Definition subset {T : Type} (A B : T -> Prop) : Prop := forall x, A x -> B x.
Definition set_eq {T : Type} (A B : T -> Prop) : Prop := forall x, A x <-> B x.
Definition nonempty {T : Type} (A : T -> Prop) : Prop := exists x, A x.

Definition f_closed {T : Type} (f : T -> T) (S : T -> Prop) : Prop :=
  forall a, S (f a) <-> S a.

Definition is_cycle {T : Type} (f : T -> T) (S : T -> Prop) : Prop :=
  nonempty S /\ f_closed f S /\
  forall S', subset S' S -> nonempty S' -> f_closed f S' -> subset S S'.

Definition has_card {T : Type} (S : T -> Prop) (n : nat) : Prop :=
  exists l : list T, NoDup l /\ length l = n /\ forall x, S x <-> In x l.

Definition is_finite_set {T : Type} (S : T -> Prop) : Prop := exists n, has_card S n.

Definition n_cycle {T : Type} (f : T -> T) (n : nat) (S : T -> Prop) : Prop :=
  is_cycle f S /\ has_card S n.

(* Cardinal numbers that can occur here: Some k = k (finite), None = aleph_0.
   The family of n-cycles (sets counted up to extensional equality) is countable,
   since its members are pairwise distinct finite subsets of a countable set. *)
Definition Cn_is {T : Type} (f : T -> T) (n : nat) (c : option nat) : Prop :=
  match c with
  | Some k =>
      exists L : list (T -> Prop),
        length L = k /\
        (forall S, In S L -> n_cycle f n S) /\
        (forall i j d, i < k -> j < k -> i <> j ->
            ~ set_eq (nth i L d) (nth j L d)) /\
        (forall S, n_cycle f n S -> exists S', In S' L /\ set_eq S S')
  | None =>
      forall k, exists L : list (T -> Prop),
        length L = k /\
        (forall S, In S L -> n_cycle f n S) /\
        (forall i j d, i < k -> j < k -> i <> j ->
            ~ set_eq (nth i L d) (nth j L d))
  end.

Definition card_pred (c : option nat) : option nat :=
  match c with Some k => Some (k - 1) | None => None end.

━━━━━━━━━━━━━━━━━━━━

◆ WORK TO COMPLETE: Each entry, exactly as written, should be set down once more.

◆ WRITTEN REPLY:
Definition subset {T : Type} (A B : T -> Prop) : Prop := forall x, A x -> B x.
Definition set_eq {T : Type} (A B : T -> Prop) : Prop := forall x, A x <-> B x.
Definition nonempty {T : Type} (A : T -> Prop) : Prop := exists x, A x.

Definition f_closed {T : Type} (f : T -> T) (S : T -> Prop) : Prop :=
  forall a, S (f a) <-> S a.

Definition is_cycle {T : Type} (f : T -> T) (S : T -> Prop) : Prop :=
  nonempty S /\ f_closed f S /\
  forall S', subset S' S -> nonempty S' -> f_closed f S' -> subset S S'.

Definition has_card {T : Type} (S : T -> Prop) (n : nat) : Prop :=
  exists l : list T, NoDup l /\ length l = n /\ forall x, S x <-> In x l.

Definition is_finite_set {T : Type} (S : T -> Prop) : Prop := exists n, has_card S n.

Definition n_cycle {T : Type} (f : T -> T) (n : nat) (S : T -> Prop) : Prop :=
  is_cycle f S /\ has_card S n.

(* Cardinal numbers that can occur here: Some k = k (finite), None = aleph_0.
   The family of n-cycles (sets counted up to extensional equality) is countable,
   since its members are pairwise distinct finite subsets of a countable set. *)
Definition Cn_is {T : Type} (f : T -> T) (n : nat) (c : option nat) : Prop :=
  match c with
  | Some k =>
      exists L : list (T -> Prop),
        length L = k /\
        (forall S, In S L -> n_cycle f n S) /\
        (forall i j d, i < k -> j < k -> i <> j ->
            ~ set_eq (nth i L d) (nth j L d)) /\
        (forall S, n_cycle f n S -> exists S', In S' L /\ set_eq S S')
  | None =>
      forall k, exists L : list (T -> Prop),
        length L = k /\
        (forall S, In S L -> n_cycle f n S) /\
        (forall i j d, i < k -> j < k -> i <> j ->
            ~ set_eq (nth i L d) (nth j L d))
  end.

Definition card_pred (c : option nat) : option nat :=
  match c with Some k => Some (k - 1) | None => None end.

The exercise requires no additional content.